→ **PROMPT**
Your task is to copy all of the entries exactly as they are given.
===== MATERIAL SUPPLIED =====
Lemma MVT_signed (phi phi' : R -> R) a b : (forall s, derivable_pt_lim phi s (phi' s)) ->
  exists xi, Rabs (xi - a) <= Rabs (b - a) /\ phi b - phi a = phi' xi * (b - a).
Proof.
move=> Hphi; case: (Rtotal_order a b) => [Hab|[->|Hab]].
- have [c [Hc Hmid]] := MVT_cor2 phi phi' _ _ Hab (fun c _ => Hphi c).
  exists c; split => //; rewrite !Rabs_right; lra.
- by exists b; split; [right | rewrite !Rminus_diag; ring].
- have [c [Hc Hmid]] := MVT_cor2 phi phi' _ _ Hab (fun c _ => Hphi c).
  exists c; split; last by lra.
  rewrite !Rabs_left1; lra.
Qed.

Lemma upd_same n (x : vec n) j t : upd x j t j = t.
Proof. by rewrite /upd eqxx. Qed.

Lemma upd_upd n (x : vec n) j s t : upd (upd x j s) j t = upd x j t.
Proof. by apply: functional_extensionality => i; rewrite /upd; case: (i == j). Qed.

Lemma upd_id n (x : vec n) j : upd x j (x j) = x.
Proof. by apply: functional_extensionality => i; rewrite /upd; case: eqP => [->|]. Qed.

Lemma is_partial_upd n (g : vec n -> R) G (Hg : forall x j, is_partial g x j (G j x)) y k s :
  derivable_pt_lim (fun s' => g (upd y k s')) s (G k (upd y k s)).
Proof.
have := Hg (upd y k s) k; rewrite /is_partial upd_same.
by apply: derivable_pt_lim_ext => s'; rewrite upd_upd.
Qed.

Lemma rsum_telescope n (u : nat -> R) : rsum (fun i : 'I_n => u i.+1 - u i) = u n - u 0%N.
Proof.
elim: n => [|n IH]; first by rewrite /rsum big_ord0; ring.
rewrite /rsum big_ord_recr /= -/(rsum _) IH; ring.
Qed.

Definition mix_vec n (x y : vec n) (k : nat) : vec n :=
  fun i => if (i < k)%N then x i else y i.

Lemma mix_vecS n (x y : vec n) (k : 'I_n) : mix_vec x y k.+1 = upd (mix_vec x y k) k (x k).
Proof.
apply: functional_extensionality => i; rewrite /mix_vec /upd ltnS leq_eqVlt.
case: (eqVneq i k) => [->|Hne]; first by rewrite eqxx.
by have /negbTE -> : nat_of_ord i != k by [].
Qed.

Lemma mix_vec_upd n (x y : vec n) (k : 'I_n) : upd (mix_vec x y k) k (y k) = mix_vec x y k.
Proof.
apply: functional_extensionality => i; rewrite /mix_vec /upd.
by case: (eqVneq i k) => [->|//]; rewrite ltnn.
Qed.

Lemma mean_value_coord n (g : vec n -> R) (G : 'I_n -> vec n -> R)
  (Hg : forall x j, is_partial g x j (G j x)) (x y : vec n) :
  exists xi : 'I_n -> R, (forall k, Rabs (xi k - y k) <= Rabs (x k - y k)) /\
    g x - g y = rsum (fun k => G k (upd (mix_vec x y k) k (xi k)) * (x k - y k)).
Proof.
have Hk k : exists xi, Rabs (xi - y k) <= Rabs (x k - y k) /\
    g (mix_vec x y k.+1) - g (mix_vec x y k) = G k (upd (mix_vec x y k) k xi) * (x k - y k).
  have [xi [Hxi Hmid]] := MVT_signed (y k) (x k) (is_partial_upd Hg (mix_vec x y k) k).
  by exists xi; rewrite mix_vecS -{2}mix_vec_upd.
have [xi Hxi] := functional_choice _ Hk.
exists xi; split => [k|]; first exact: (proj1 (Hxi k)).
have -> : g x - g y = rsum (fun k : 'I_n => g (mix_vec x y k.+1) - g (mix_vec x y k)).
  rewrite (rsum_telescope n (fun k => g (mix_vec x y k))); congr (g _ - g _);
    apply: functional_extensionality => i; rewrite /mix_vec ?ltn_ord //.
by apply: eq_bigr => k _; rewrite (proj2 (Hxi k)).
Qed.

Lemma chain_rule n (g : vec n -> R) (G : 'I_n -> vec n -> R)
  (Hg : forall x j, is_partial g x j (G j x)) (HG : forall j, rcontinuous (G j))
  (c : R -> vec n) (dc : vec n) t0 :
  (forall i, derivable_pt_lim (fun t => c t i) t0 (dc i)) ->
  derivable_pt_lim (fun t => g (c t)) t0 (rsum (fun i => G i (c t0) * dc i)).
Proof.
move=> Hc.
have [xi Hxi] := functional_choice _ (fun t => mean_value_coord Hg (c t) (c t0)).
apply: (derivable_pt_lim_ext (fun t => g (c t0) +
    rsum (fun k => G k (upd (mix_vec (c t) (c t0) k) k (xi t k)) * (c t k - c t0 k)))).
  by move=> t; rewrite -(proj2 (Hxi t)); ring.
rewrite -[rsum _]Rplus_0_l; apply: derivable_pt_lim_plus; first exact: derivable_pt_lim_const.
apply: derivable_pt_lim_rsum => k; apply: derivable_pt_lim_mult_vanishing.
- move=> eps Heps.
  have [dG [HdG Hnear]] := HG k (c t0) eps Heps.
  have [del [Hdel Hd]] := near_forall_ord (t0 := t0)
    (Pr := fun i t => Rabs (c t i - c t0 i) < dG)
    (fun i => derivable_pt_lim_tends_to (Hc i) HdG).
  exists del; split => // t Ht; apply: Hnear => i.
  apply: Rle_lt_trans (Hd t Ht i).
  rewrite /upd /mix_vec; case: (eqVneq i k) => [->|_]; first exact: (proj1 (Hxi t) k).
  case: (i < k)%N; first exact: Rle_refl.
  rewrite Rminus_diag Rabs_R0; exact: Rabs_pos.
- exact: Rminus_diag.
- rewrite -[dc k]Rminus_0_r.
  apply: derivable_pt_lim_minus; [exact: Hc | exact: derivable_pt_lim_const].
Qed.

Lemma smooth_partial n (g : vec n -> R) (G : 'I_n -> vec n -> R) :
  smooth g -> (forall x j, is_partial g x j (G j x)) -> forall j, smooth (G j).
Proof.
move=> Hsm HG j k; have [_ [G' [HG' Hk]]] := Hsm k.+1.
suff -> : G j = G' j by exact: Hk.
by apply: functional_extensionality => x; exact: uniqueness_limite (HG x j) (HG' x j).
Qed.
=====
→ **SOLVED EXERCISE**
Lemma MVT_signed (phi phi' : R -> R) a b : (forall s, derivable_pt_lim phi s (phi' s)) ->
  exists xi, Rabs (xi - a) <= Rabs (b - a) /\ phi b - phi a = phi' xi * (b - a).
Proof.
move=> Hphi; case: (Rtotal_order a b) => [Hab|[->|Hab]].
- have [c [Hc Hmid]] := MVT_cor2 phi phi' _ _ Hab (fun c _ => Hphi c).
  exists c; split => //; rewrite !Rabs_right; lra.
- by exists b; split; [right | rewrite !Rminus_diag; ring].
- have [c [Hc Hmid]] := MVT_cor2 phi phi' _ _ Hab (fun c _ => Hphi c).
  exists c; split; last by lra.
  rewrite !Rabs_left1; lra.
Qed.

Lemma upd_same n (x : vec n) j t : upd x j t j = t.
Proof. by rewrite /upd eqxx. Qed.

Lemma upd_upd n (x : vec n) j s t : upd (upd x j s) j t = upd x j t.
Proof. by apply: functional_extensionality => i; rewrite /upd; case: (i == j). Qed.

Lemma upd_id n (x : vec n) j : upd x j (x j) = x.
Proof. by apply: functional_extensionality => i; rewrite /upd; case: eqP => [->|]. Qed.

Lemma is_partial_upd n (g : vec n -> R) G (Hg : forall x j, is_partial g x j (G j x)) y k s :
  derivable_pt_lim (fun s' => g (upd y k s')) s (G k (upd y k s)).
Proof.
have := Hg (upd y k s) k; rewrite /is_partial upd_same.
by apply: derivable_pt_lim_ext => s'; rewrite upd_upd.
Qed.

Lemma rsum_telescope n (u : nat -> R) : rsum (fun i : 'I_n => u i.+1 - u i) = u n - u 0%N.
Proof.
elim: n => [|n IH]; first by rewrite /rsum big_ord0; ring.
rewrite /rsum big_ord_recr /= -/(rsum _) IH; ring.
Qed.

Definition mix_vec n (x y : vec n) (k : nat) : vec n :=
  fun i => if (i < k)%N then x i else y i.

Lemma mix_vecS n (x y : vec n) (k : 'I_n) : mix_vec x y k.+1 = upd (mix_vec x y k) k (x k).
Proof.
apply: functional_extensionality => i; rewrite /mix_vec /upd ltnS leq_eqVlt.
case: (eqVneq i k) => [->|Hne]; first by rewrite eqxx.
by have /negbTE -> : nat_of_ord i != k by [].
Qed.

Lemma mix_vec_upd n (x y : vec n) (k : 'I_n) : upd (mix_vec x y k) k (y k) = mix_vec x y k.
Proof.
apply: functional_extensionality => i; rewrite /mix_vec /upd.
by case: (eqVneq i k) => [->|//]; rewrite ltnn.
Qed.

Lemma mean_value_coord n (g : vec n -> R) (G : 'I_n -> vec n -> R)
  (Hg : forall x j, is_partial g x j (G j x)) (x y : vec n) :
  exists xi : 'I_n -> R, (forall k, Rabs (xi k - y k) <= Rabs (x k - y k)) /\
    g x - g y = rsum (fun k => G k (upd (mix_vec x y k) k (xi k)) * (x k - y k)).
Proof.
have Hk k : exists xi, Rabs (xi - y k) <= Rabs (x k - y k) /\
    g (mix_vec x y k.+1) - g (mix_vec x y k) = G k (upd (mix_vec x y k) k xi) * (x k - y k).
  have [xi [Hxi Hmid]] := MVT_signed (y k) (x k) (is_partial_upd Hg (mix_vec x y k) k).
  by exists xi; rewrite mix_vecS -{2}mix_vec_upd.
have [xi Hxi] := functional_choice _ Hk.
exists xi; split => [k|]; first exact: (proj1 (Hxi k)).
have -> : g x - g y = rsum (fun k : 'I_n => g (mix_vec x y k.+1) - g (mix_vec x y k)).
  rewrite (rsum_telescope n (fun k => g (mix_vec x y k))); congr (g _ - g _);
    apply: functional_extensionality => i; rewrite /mix_vec ?ltn_ord //.
by apply: eq_bigr => k _; rewrite (proj2 (Hxi k)).
Qed.

Lemma chain_rule n (g : vec n -> R) (G : 'I_n -> vec n -> R)
  (Hg : forall x j, is_partial g x j (G j x)) (HG : forall j, rcontinuous (G j))
  (c : R -> vec n) (dc : vec n) t0 :
  (forall i, derivable_pt_lim (fun t => c t i) t0 (dc i)) ->
  derivable_pt_lim (fun t => g (c t)) t0 (rsum (fun i => G i (c t0) * dc i)).
Proof.
move=> Hc.
have [xi Hxi] := functional_choice _ (fun t => mean_value_coord Hg (c t) (c t0)).
apply: (derivable_pt_lim_ext (fun t => g (c t0) +
    rsum (fun k => G k (upd (mix_vec (c t) (c t0) k) k (xi t k)) * (c t k - c t0 k)))).
  by move=> t; rewrite -(proj2 (Hxi t)); ring.
rewrite -[rsum _]Rplus_0_l; apply: derivable_pt_lim_plus; first exact: derivable_pt_lim_const.
apply: derivable_pt_lim_rsum => k; apply: derivable_pt_lim_mult_vanishing.
- move=> eps Heps.
  have [dG [HdG Hnear]] := HG k (c t0) eps Heps.
  have [del [Hdel Hd]] := near_forall_ord (t0 := t0)
    (Pr := fun i t => Rabs (c t i - c t0 i) < dG)
    (fun i => derivable_pt_lim_tends_to (Hc i) HdG).
  exists del; split => // t Ht; apply: Hnear => i.
  apply: Rle_lt_trans (Hd t Ht i).
  rewrite /upd /mix_vec; case: (eqVneq i k) => [->|_]; first exact: (proj1 (Hxi t) k).
  case: (i < k)%N; first exact: Rle_refl.
  rewrite Rminus_diag Rabs_R0; exact: Rabs_pos.
- exact: Rminus_diag.
- rewrite -[dc k]Rminus_0_r.
  apply: derivable_pt_lim_minus; [exact: Hc | exact: derivable_pt_lim_const].
Qed.

Lemma smooth_partial n (g : vec n -> R) (G : 'I_n -> vec n -> R) :
  smooth g -> (forall x j, is_partial g x j (G j x)) -> forall j, smooth (G j).
Proof.
move=> Hsm HG j k; have [_ [G' [HG' Hk]]] := Hsm k.+1.
suff -> : G j = G' j by exact: Hk.
by apply: functional_extensionality => x; exact: uniqueness_limite (HG x j) (HG' x j).
Qed.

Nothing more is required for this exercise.